Stored items
(* Let $M$ be a complete pointed metric space and $Y$ a strictly convex real Banach space with the Kadec–Klee property. Then for every $f\in\mathrm{Lip}_0(M,Y)$: $f\in\mathrm{A}(M,Y)$ if and only if $T_f\in\mathrm{QNA}(\mathcal{F}(M),Y)$.
   Context: Throughout, metric spaces are complete and pointed, with base point $0$. $\mathrm{Lip}_0(M,Y)$ is the Banach space of Lipschitz maps $f:M\to Y$ with $f(0)=0$, normed by $\|f\|=\sup_{p\neq q}\|f(p)-f(q)\|/d(p,q)$. A map $f$ attains its norm toward $y\in Y$ if there is a sequence $(p_n,q_n)$ in $M\times M$ with $p_n\neq q_n$ such that $[f(p_n)-f(q_n)]/d(p_n,q_n)\to y$ and $\|y\|=\|f\|$; $\mathrm{A}(M,Y)$ is the set of $f$ attaining their norm toward some vector. $\mathcal{F}(M)$ is the closed linear span of the evaluations $\delta(x)$ in $\mathrm{Lip}_0(M,\mathbb{R})^*$, and $T_f\in\mathcal{L}(\mathcal{F}(M),Y)$ is the unique operator with $T_f(\delta(x))=f(x)$. For Banach spaces $X,Y$, $T\in\mathcal{L}(X,Y)$ belongs to $\mathrm{QNA}(X,Y)$ if there exist $(x_n)\subset B_X$ and $y_0\in Y$ with $Tx_n\to y_0$ and $\|y_0\|=\|T\|$. The Kadec–Klee property here means that the weak topology and the norm topology coincide on the unit sphere $S_Y$. *)

From HB Require Import structures.
From mathcomp Require Import all_boot all_order all_algebra.
From mathcomp Require Import all_classical all_reals all_analysis.
Set Implicit Arguments. Unset Strict Implicit. Unset Printing Implicit Defensive.
Import Order.TTheory GRing.Theory Num.Theory.
Import numFieldNormedType.Exports.
Local Open Scope classical_set_scope.
Local Open Scope ring_scope.

Section Defs.
Variable R : realType.

Definition is_metric (M : Type) (d : M -> M -> R) : Prop :=
  (forall x y, 0 <= d x y) /\
  (forall x y, d x y = 0 <-> x = y) /\
  (forall x y, d x y = d y x) /\
  (forall x y z, d x z <= d x y + d y z).

Definition complete_metric (M : Type) (d : M -> M -> R) : Prop :=
  forall u : nat -> M,
    (forall e : R, 0 < e -> exists N : nat, forall m n : nat,
        (N <= m)%N -> (N <= n)%N -> d (u m) (u n) < e) ->
    exists x : M, forall e : R, 0 < e -> exists N : nat, forall n : nat,
        (N <= n)%N -> d (u n) x < e.

Definition Lip0 (M : Type) (d : M -> M -> R) (x0 : M)
    (Y : normedModType R) (f : M -> Y) : Prop :=
  f x0 = 0 /\ exists C : R, forall p q, `|f p - f q| <= C * d p q.

Definition lipnorm (M : Type) (d : M -> M -> R) (Y : normedModType R)
    (f : M -> Y) : R :=
  sup [set r : R | exists p q : M, p <> q /\ r = `|f p - f q| / d p q].

Definition attains_norm_toward (M : Type) (d : M -> M -> R)
    (Y : normedModType R) (f : M -> Y) (y : Y) : Prop :=
  exists p q : nat -> M, (forall n, p n <> q n) /\
    ((fun n => (d (p n) (q n))^-1 *: (f (p n) - f (q n))) @ \oo --> y) /\
    `|y| = lipnorm d f.

Definition in_A (M : Type) (d : M -> M -> R) (Y : normedModType R)
    (f : M -> Y) : Prop :=
  exists y : Y, attains_norm_toward d f y.

Definition lip_ball (M : Type) (d : M -> M -> R) (x0 : M) (g : M -> R) : Prop :=
  g x0 = 0 /\ forall p q, `|g p - g q| <= d p q.

Definition Lip0R (M : Type) (d : M -> M -> R) (x0 : M) (g : M -> R) : Prop :=
  g x0 = 0 /\ exists C : R, forall p q, `|g p - g q| <= C * d p q.

(* finite linear combination  sum_i a_i delta(x_i)  acting on Lip0(M,R) *)
Definition mol (M : Type) (s : seq (R * M)) (g : M -> R) : R :=
  \sum_(c <- s) c.1 * g c.2.

(* its image  sum_i a_i f(x_i)  under T_f *)
Definition molY (M : Type) (Y : normedModType R) (f : M -> Y)
    (s : seq (R * M)) : Y :=
  \sum_(c <- s) c.1 *: f c.2.

(* phi is an element of Lip0(M,R)^* (linear on Lip0(M,R); boundedness follows
   from the approximation below) lying in the norm closure of span delta(M),
   i.e. phi \in F(M). *)
Definition in_free (M : Type) (d : M -> M -> R) (x0 : M)
    (phi : (M -> R) -> R) : Prop :=
  (forall (a : R) (g h : M -> R), Lip0R d x0 g -> Lip0R d x0 h ->
      phi (fun x => a * g x + h x) = a * phi g + phi h) /\
  (forall e : R, 0 < e -> exists s : seq (R * M),
      forall g, lip_ball d x0 g -> `|phi g - mol s g| <= e).

Definition free_ball (M : Type) (d : M -> M -> R) (x0 : M)
    (phi : (M -> R) -> R) : Prop :=
  forall g, lip_ball d x0 g -> `|phi g| <= 1.

(* T_f phi = y : T_f is the continuous extension of delta(x) |-> f(x);
   y is the limit of T_f(mu_n) for finitely supported mu_n -> phi in norm. *)
Definition Tf_val (M : Type) (d : M -> M -> R) (x0 : M)
    (Y : normedModType R) (f : M -> Y) (phi : (M -> R) -> R) (y : Y) : Prop :=
  exists s : nat -> seq (R * M),
    (forall n : nat, forall g, lip_ball d x0 g ->
        `|phi g - mol (s n) g| <= n.+1%:R^-1) /\
    ((fun n => molY f (s n)) @ \oo --> y).

Definition Tf_norm (M : Type) (d : M -> M -> R) (x0 : M)
    (Y : normedModType R) (f : M -> Y) : R :=
  sup [set r : R | exists (phi : (M -> R) -> R) (y : Y),
        in_free d x0 phi /\ free_ball d x0 phi /\ Tf_val d x0 f phi y /\
        r = `|y|].

Definition Tf_QNA (M : Type) (d : M -> M -> R) (x0 : M)
    (Y : normedModType R) (f : M -> Y) : Prop :=
  exists (phi : nat -> (M -> R) -> R) (yn : nat -> Y) (y0 : Y),
    (forall n, in_free d x0 (phi n) /\ free_ball d x0 (phi n) /\
               Tf_val d x0 f (phi n) (yn n)) /\
    (yn @ \oo --> y0) /\
    `|y0| = Tf_norm d x0 f.

Definition strictly_convex (Y : normedModType R) : Prop :=
  forall x y : Y, `|x| = 1 -> `|y| = 1 -> x <> y -> `|2^-1 *: (x + y)| < 1.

* **Work order**
Would you please work out how many lines of the data hold "Require"? Reply with the number alone.

* **Answer to this problem**
3